Scott and family friend Munir Bahar, who was in trouble as a kid but turned his life around to mentor other city kids, organized the 300 Man March. It was modeled after the 1995 Million Man March in Washington D.C., a massive show of solidarity among African-American men.
The idea was to stir Baltimore's men to action in their own neighborhoods and homes to stop the cycle of violence so frequently driven by drugs and gangs. While many have called on authorities to stem the tide, this was the first time the larger community has come together to fight back.
More than 40 people have been shot since summer began, with 20 of them struck in a single weekend. On Friday, at least four more people were shot by late afternoon.
A man shot in the Johnston Square neighborhood, in the 700 block of E. Preston St., around 2 a.m. died from his wounds, as did a woman shot in her Heritage Crossing home in the 1000 block of Pennsylvania Ave. about 3:30 p.m.
They were homicide numbers 119 and 120 this year.
In an impassioned speech before the march, Police Commissioner Anthony W. Batts implored those within earshot to take action, saying repeatedly that this wasn't about numbers for him, but about faces.
There are "just too many black faces dying on the streets," he said. "This is not a game to me. This is not a rally to me. … The time for talk is over."
Men, mostly African-American, shouted their support as he spoke.
As the only female speaker, Mayor Stephanie Rawlings-Blake said she spoke on behalf of the women, the many single mothers working multiple jobs to take care of their children — or their children's children — often without help from the fathers.
"We'll do it because we have to, but not because we want to," she said of the hard-working women. "We want to be in partnership with the men in our lives."
As the marchers gathered at the 3400 block of North Ave., bound for a turning point at the intersection with Milton Street five miles away, women lined up on either side of them, clapping and shouting in support.
"Black men and unity are words that typically don't go together," said one marcher, Paz Morris, 37. "Black men and drugs, black men and violence" — that's what some in the city are used to hearing, he said. "But black men and unity I think is what you're witnessing here."
Richard Thornton Jr., a minister, called the event a "first step."
"Sometimes, with things like this, if you just show up and participate, it can lead to other things," said Thornton, 58.
The city's violence is largely contained to its poorer areas, those blighted by drugs and gang activity, Places it can be too easy to write off, some said.
"It's easy to get numb to" the violence until it hits home, said O'Neill McDaniels Jr., 39. Three women were shot in late June, one fatally, in the northeast neighborhood he grew up in.
Darrell Jenkins, 53, blamed much of the violence on the lack of positive male role models who can teach boys that force doesn't equal strength.
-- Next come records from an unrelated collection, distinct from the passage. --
(* Let $\mathcal{G}\in\mathcal{G}_2^{sym}$. Then there exists a sequence $\mathcal{K}_1=\mathcal{G}^{(1)}\rightarrow\mathcal{G}^{(2)}\rightarrow\cdots\rightarrow\mathcal{G}^{(n)}=\mathcal{G}$ of elements of $\mathcal{G}_2^{sym}$ such that for all $2\le i\le n$, $\mathcal{G}^{(i)}$ is obtained from $\mathcal{G}^{(i-1)}$ by a symmetric $2$-tree $j$-extension for some $j\in\{0,1\}$.
   Context: A multi-graph is finite and loop-free, possibly with parallel edges. A $2$-tree decomposition is $(G;T_1,T_2)$ with $G$ a multi-graph and $T_1,T_2$ spanning trees of $G$ whose edge sets partition $E(G)$. Let $\mathbb{Z}_2=\langle s\rangle$. A $\mathbb{Z}_2$-symmetric multi-graph is a pair $(G,\theta)$ with $\theta:\mathbb{Z}_2\to\mathrm{Aut}(G)$ a non-trivial homomorphism; write $s_\theta=\theta(s)$ and for an edge $e=v_1v_2$, $s_\theta(e)=s_\theta(v_1)s_\theta(v_2)$. A vertex $v$ (edge $e$) is fixed if $s_\theta(v)=v$ ($s_\theta(e)=e$). A symmetric $2$-tree decomposition is $(G;T_1,T_2;\theta)$ where $(G;T_1,T_2)$ is a $2$-tree decomposition, $(G,\theta)$ is $\mathbb{Z}_2$-symmetric and $s_\theta(T_i)=T_i$ for $i=1,2$. $\mathcal{G}_2^{sym}$ denotes the set of symmetric $2$-tree decompositions with no fixed edges, together with $\mathcal{K}_1=(K_1;T_1,T_2;\theta)$ where $K_1$ is a single vertex, the $T_i$ are edgeless and $\theta$ is trivial. For $d\in\{1,2\}$: $(G',\theta')$ is obtained from $(G,\theta)$ by a symmetric $d$-dimensional $0$-extension if $V(G')=V(G)\cup\{v,s_{\theta'}(v)\}$ with $v,s_{\theta'}(v)\notin V(G)$ distinct, $s_{\theta'}|_{V(G)}=s_\theta$, and $E(G')=E(G)+\{vv_i,s_{\theta'}(vv_i):i=1,\dots,d\}$ for some not necessarily distinct $v_1,\dots,v_d\in V(G)$; it is obtained by a symmetric $d$-dimensional $1$-extension if the first two conditions hold and there are $v_1,\dots,v_{d+1}\in V(G)$ with $e=v_1v_2\in E(G)$ (otherwise not necessarily distinct) such that $E(G')=E(G)-\{e,s_\theta(e)\}+\{vv_i,s_{\theta'}(vv_i):i=1,\dots,d+1\}$. A symmetric $2$-tree decomposition $(G';T_1',T_2';\theta')$ is obtained from $(G;T_1,T_2;\theta)$ by a symmetric $2$-tree $j$-extension ($j\in\{0,1\}$) if $(G',\theta')$ is obtained from $(G,\theta)$ by a symmetric $2$-dimensional $j$-extension and, for $i=1,2$, $(T_i',\theta')$ is obtained from $(T_i,\theta)$ (with the restricted automorphisms) by a symmetric $1$-dimensional $k_i$-extension with the same new vertices, where $k_i\in\{0,1\}$ and $k_1+k_2=j$. *)

From mathcomp Require Import all_boot.
Set Implicit Arguments.
Unset Strict Implicit.
Unset Printing Implicit Defensive.

(* Edges are 2-element subsets {u,v} of the vertex type T. *)

Definition tadj (T : finType) (E : {set {set T}}) : rel T :=
  fun u v => [set u; v] \in E.

Definition is_tree (T : finType) (V : {set T}) (E : {set {set T}}) : Prop :=
  V != set0 /\
  (forall e : {set T}, e \in E -> (#|e| == 2) && (e \subset V)) /\
  {in V &, forall u v, connect (tadj E) u v} /\
  (forall c : seq T, uniq c -> 2 < size c -> ~~ cycle (tadj E) c).

(* A candidate symmetric 2-tree decomposition (G;T1,T2;theta):
   vertex set V(G), the involution s_theta (as a map on vertices),
   and the edge sets of the two trees.  The multigraph G is the edge-disjoint
   union of T1 and T2, i.e. its edge multiset is T1 + T2. *)
Record sd (T : finType) := SD {
  sV : {set T};
  ss : T -> T;
  sT1 : {set {set T}};
  sT2 : {set {set T}} }.

Definition multG (T : finType) (D : sd T) (x : {set T}) : nat :=
  (x \in sT1 D) + (x \in sT2 D).

Definition mT (T : finType) (E : {set {set T}}) (x : {set T}) : nat :=
  x \in E.

(* symmetric 2-tree decomposition: T1,T2 spanning trees of G,
   theta : Z2 -> Aut(G) a non-trivial homomorphism (s_theta an involutive
   automorphism of G, different from the identity), s_theta(T_i) = T_i. *)
Definition is_sym_2tree (T : finType) (D : sd T) : Prop :=
  is_tree (sV D) (sT1 D) /\ is_tree (sV D) (sT2 D) /\
  {in sV D, forall x, ss D x \in sV D} /\
  {in sV D, forall x, ss D (ss D x) = x} /\
  (exists2 x : T, x \in sV D & ss D x != x) /\
  (forall e : {set T}, e \subset sV D -> multG D (ss D @: e) = multG D e) /\
  [set ss D @: e | e : {set T} in sT1 D] = sT1 D /\
  [set ss D @: e | e : {set T} in sT2 D] = sT2 D.

Definition no_fixed_edges (T : finType) (D : sd T) : Prop :=
  forall e : {set T}, e \in sT1 D :|: sT2 D -> ss D @: e != e.

Definition is_K1 (T : finType) (D : sd T) : Prop :=
  exists x, sV D = [set x] /\ sT1 D = set0 /\ sT2 D = set0 /\ ss D x = x.

Definition in_G2sym (T : finType) (D : sd T) : Prop :=
  (is_sym_2tree D /\ no_fixed_edges D) \/ is_K1 D.

(* (V',s',m') is obtained from (V,s,m) by a symmetric d-dimensional
   j-extension (j = 0 or 1), where m, m' are edge multiplicity functions.
   ws = [v_1; ...; v_(d+j)];  for j = 1, e = v_1 v_2 must be an edge and
   the edges {e, s(e)} are removed. *)
Definition sym_ext (T : finType) (d j : nat) (V : {set T}) (s : T -> T)
    (m : {set T} -> nat) (V' : {set T}) (s' : T -> T) (m' : {set T} -> nat)
    : Prop :=
  exists (v : T) (ws : seq T),
    v \notin V /\ s' v \notin V /\ s' v != v /\
    V' = V :|: [set v; s' v] /\ {in V, s' =1 s} /\
    size ws = d + j /\ all (fun w => w \in V) ws /\
    let A := flatten [seq [:: [set v; w]; [set s' v; s' w]] | w <- ws] in
    let e := [set nth v ws 0; nth v ws 1] in
    let R := if j == 0 then [::] else undup [:: e; s @: e] in
    (j != 0 -> 0 < m e) /\
    (forall x, m' x + count_mem x R = m x + count_mem x A).

Definition sym_2tree_ext (T : finType) (j : nat) (D D' : sd T) : Prop :=
  exists k1 k2 : nat, k1 <= 1 /\ k2 <= 1 /\ k1 + k2 = j /\
    sym_ext 2 j (sV D) (ss D) (multG D) (sV D') (ss D') (multG D') /\
    sym_ext 1 k1 (sV D) (ss D) (mT (sT1 D)) (sV D') (ss D') (mT (sT1 D')) /\
    sym_ext 1 k2 (sV D) (ss D) (mT (sT2 D)) (sV D') (ss D') (mT (sT2 D')).

Definition sd_eq (T : finType) (D D' : sd T) : Prop :=
  sV D = sV D' /\ {in sV D, ss D =1 ss D'} /\
  sT1 D = sT1 D' /\ sT2 D = sT2 D'.

(* Both spanning trees have |V| - 1 edges,
   and an involution of a tree with no fixed edge fixes at most one vertex, so a
   degree count yields a vertex v with s v <> v and deg_T1 v + deg_T2 v <= 3.
   Delete v and s v: in a tree where v has degree 1, drop the two pendant edges at
   v and s v; in a tree where v has degree 2 with neighbours b, c, replace the
   paths b v c and (s b) (s v) (s c) by the edges bc and (s b)(s c).  Both trees
   stay symmetric spanning trees without fixed edges, and the original
   decomposition is recovered by a symmetric 2-tree j-extension with
   j = deg_T1 v + deg_T2 v - 2. *)

From mathcomp Require Import all_boot zify.
Set Implicit Arguments.
Unset Strict Implicit.
Unset Printing Implicit Defensive.

Section TwoSets.
Variable T : finType.
Implicit Types (a b c d : T) (e : {set T}).

Lemma eq_set2 a b c d :
  [set a; b] = [set c; d] -> (a = c /\ b = d) \/ (a = d /\ b = c).
Proof.
move=> E.
have ha : a \in [set c; d] by rewrite -E !inE eqxx.
have hb : b \in [set c; d] by rewrite -E !inE eqxx orbT.
have hc : c \in [set a; b] by rewrite E !inE eqxx.
have hd : d \in [set a; b] by rewrite E !inE eqxx orbT.
move: ha hb hc hd; rewrite !inE.
case/orP=> /eqP ha; case/orP=> /eqP hb; subst; auto;
  case/orP=> /eqP hc; case/orP=> /eqP hd; subst; auto.
Qed.

Lemma set2_injr a b c : [set a; b] = [set a; c] -> b = c.
Proof. by case/eq_set2 => [[_ ->]|[<- <-]]. Qed.

Lemma imset_set2 (f : T -> T) a b : f @: [set a; b] = [set f a; f b].
Proof. by rewrite imsetU1 imset_set1. Qed.

Lemma cards2_neq a b : #|[set a; b]| == 2 -> a != b.
Proof. by rewrite cards2; case: (a != b). Qed.

Lemma cards2_mem e v : #|e| == 2 -> v \in e -> exists w, e = [set v; w] /\ v != w.
Proof.
case/cards2P=> [x [y [xy ->]]]; rewrite !inE => /orP[]/eqP->.
  by exists y.
by exists x; split; [rewrite setUC | rewrite eq_sym].
Qed.

Lemma set_neq_mem (X Y : {set T}) z : z \in X -> z \notin Y -> X != Y.
Proof. by move=> zX; apply: contraNneq => <-. Qed.

Lemma imsetK_in (V : {set T}) (s : T -> T) e :
  {in V, involutive s} -> e \subset V -> s @: (s @: e) = e.
Proof.
move=> inv sub; rewrite -imset_comp; apply/setP=> x.
apply/imsetP/idP => [[y ye ->]|xe]; first by rewrite /= inv // (subsetP sub).
by exists x => //=; rewrite inv // (subsetP sub).
Qed.

End TwoSets.

Section Trees.
Variable T : finType.
Implicit Types (V : {set T}) (E : {set {set T}}) (a b c u v w x y z : T).

Lemma tadj_sym E : symmetric (tadj E).
Proof. by move=> a b; rewrite /tadj setUC. Qed.

Lemma tadjD1 E e u w : tadj (E :\ e) u w -> tadj E u w.
Proof. by rewrite /tadj !inE => /andP[]. Qed.

Lemma path_suffix (e : rel T) x p s1 z t :
  x :: p = s1 ++ z :: t -> path e x p -> path e z t.
Proof.
case: s1 => [[-> ->] //|x' s1' [-> ->]].
by rewrite cat_path => /andP[_ /= /andP[]].
Qed.

Lemma connect_lift (e e' : rel T) (f : T -> T) x y :
  (forall a b, e a b -> connect e' (f a) (f b)) ->
  connect e x y -> connect e' (f x) (f y).
Proof.
move=> H /connectP[p]; elim: p x => [|z p IH] x /=; first by move=> _ ->.
by case/andP=> exz pz ly; apply: connect_trans (H _ _ exz) (IH _ pz ly).
Qed.

Lemma connect_subset E1 E2 a b :
  {subset E1 <= E2} -> connect (tadj E1) a b -> connect (tadj E2) a b.
Proof. by move=> sub; apply: (connect_lift (f := id)) => x y /sub xy; apply: connect1. Qed.

Definition edges_in V E := forall e, e \in E -> (#|e| == 2) && (e \subset V).

Definition acyclic E :=
  forall c : seq T, uniq c -> 2 < size c -> ~~ cycle (tadj E) c.

Definition all_bridges E :=
  forall a b, [set a; b] \in E -> ~~ connect (tadj (E :\ [set a; b])) a b.

Definition btree V E :=
  [/\ V != set0, edges_in V E, {in V &, forall u v, connect (tadj E) u v}
    & all_bridges E].

Lemma edge_neq V E a b : edges_in V E -> [set a; b] \in E -> a != b.
Proof. by move=> ok /ok /andP[/cards2_neq]. Qed.

Lemma edge_in V E a b : edges_in V E -> [set a; b] \in E -> (a \in V) && (b \in V).
Proof. by move=> ok /ok /andP[_ /subsetP s]; rewrite !s // !inE eqxx ?orbT. Qed.

Lemma acyclic_all_bridges V E : edges_in V E -> acyclic E -> all_bridges E.
Proof.
move=> ok nc a b ab; apply/negP => /connectP[p pth].
have anb := edge_neq ok ab.
case/shortenP: pth => p' pth' uq _ lst.
case: p' pth' uq lst => [|y [|z q]] /=.
- by move=> _ _ ba; rewrite ba eqxx in anb.
- by move=> /andP[h _] _ ba; move: h; rewrite -ba /tadj !inE eqxx.
move=> pth uq lst.
apply: (negP (nc (a :: y :: z :: q) uq isT)).
rewrite /cycle rcons_path; apply/andP; split.
  have pth' : path (tadj (E :\ [set a; b])) a [:: y, z & q] by [].
  by apply: sub_path pth' => u w /tadjD1.
by rewrite /= -lst /tadj setUC.
Qed.

Lemma all_bridges_acyclic V E : edges_in V E -> all_bridges E -> acyclic E.
Proof.
move=> ok ac [|x [|y q]] // uq sz; apply/negP.
rewrite /cycle rcons_path => /andP[/andP[exy pq] ebx].
move: uq; rewrite /= !inE negb_or => /andP[/andP[xy xq] /andP[yq uq]].
have xb : [set x; last y q] \in E by rewrite setUC.
apply: (negP (ac x _ xb)); apply/connectP; exists (y :: q); last by [].
rewrite /=; apply/andP; split.
  move: exy; rewrite /tadj !inE => ->; rewrite andbT; apply/negP.
  move=> /eqP/eq_set2 [[_ yb]|[xb' _]].
    move: sz yq yb; case: q {pq ebx xb xq uq} => [//|z q'] _ yq /= yb.
    by move: (mem_last z q'); rewrite -yb (negbTE yq).
  by move: (mem_last y q); rewrite -xb' inE (negbTE xy) (negbTE xq).
apply: (sub_in_path (P := mem (y :: q)) (e := tadj E)) => //; last by apply/allP.
move=> u w ui wi euw; rewrite /tadj in euw; rewrite /tadj !inE euw andbT.
apply/negP => /eqP E'; have : x \in [set u; w] by rewrite E' !inE eqxx.
by rewrite !inE => /orP[]/eqP xe; subst;
  [move: ui | move: wi]; rewrite inE (negbTE xy) (negbTE xq).
Qed.

Lemma is_tree_btree V E : is_tree V E <-> btree V E.
Proof.
split; first by case=> [nz [ok [cn nc]]]; split=> //; apply: acyclic_all_bridges ok nc.
by case=> nz ok cn ac; do 3 split => //; apply: all_bridges_acyclic ok ac.
Qed.

End Trees.

Definition pendant (T : finType) (E : {set {set T}}) (u w : T) :=
  [set u; w] \in E /\ {in E, forall e : {set T}, u \in e -> e = [set u; w]}.

Definition deg (T : finType) (E : {set {set T}}) (v : T) := #|[set e in E | v \in e]|.

Section BTrees.
Variables (T : finType) (V : {set T}) (E : {set {set T}}).
Hypothesis trVE : btree V E.
Implicit Types (a b c u v w x y z : T).

Let ok : edges_in V E. Proof. by case: trVE. Qed.
Let cn : {in V &, forall u v, connect (tadj E) u v}. Proof. by case: trVE. Qed.
Let ac : all_bridges E. Proof. by case: trVE. Qed.

Lemma btree_pendantD u w : pendant E u w -> btree (V :\ u) (E :\ [set u; w]).
Proof.
case=> uw leaf; have uw' := edge_neq ok uw.
case/andP: (edge_in ok uw) => uV wV.
have nu e : e \in E :\ [set u; w] -> u \notin e.
  rewrite !inE => /andP[ne eE]; apply/negP => ue.
  by rewrite (leaf e eE ue) eqxx in ne.
split; first by apply/set0Pn; exists w; rewrite !inE eq_sym uw' wV.
- move=> e eE'; have := nu e eE'; move: eE'; rewrite !inE => /andP[_ /ok /andP[-> sV]] ue.
  apply/subsetP => z ze; rewrite !inE (subsetP sV _ ze) andbT.
  by apply: contraNneq ue => <-.
- move=> x y; rewrite !inE => /andP[xu xV] /andP[yu yV].
  have := connect_lift (f := fun z => if z == u then w else z) _ (cn xV yV).
  rewrite (negbTE xu) (negbTE yu); apply=> a b eab.
  have ab_u a' b' : tadj E a' b' -> a' = u -> b' = w.
    move=> e' au; rewrite /tadj au in e'.
    by case/eq_set2: (leaf _ e' (setU11 _ _)) => [[_ ->]|[uw2 _]] //; rewrite uw2 eqxx in uw'.
  have wu : (w == u) = false by apply/negbTE; rewrite eq_sym.
  case: (eqVneq a u) => [au|au].
    by rewrite (ab_u _ _ eab au) wu; apply: connect0.
  case: (eqVneq b u) => [bu|bu].
    by rewrite tadj_sym in eab; rewrite -(ab_u _ _ eab bu); apply: connect0.
  apply: connect1; rewrite /tadj !inE; rewrite /tadj in eab; rewrite eab andbT.
  apply/negP => /eqP/eq_set2[[au' _]|[_ bu']]; first by rewrite au' eqxx in au.
  by rewrite bu' eqxx in bu.
- move=> a b; rewrite !inE => /andP[_ abE]; apply/negP => C.
  apply: (negP (ac abE)); apply: connect_subset C => x; rewrite !inE.
  by case/andP=> -> /andP[].
Qed.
The father of three came to the march to show his children that he cares about their futures.
Bahar and some of his core helpers wore red paint streaked across their cheekbones — war paint symbolizing the blood of children killed in the city.
"We have a problem," Bahar said, "but we also have a solution."
He raised his right hand in the air and led the marchers out, their adrenaline running high.
As the group crossed Pennsylvania Avenue, north of the earlier homicide, a woman yelled "Keep it going, men!"
Baltimore Sun reporter Justin Fenton contributed to this article.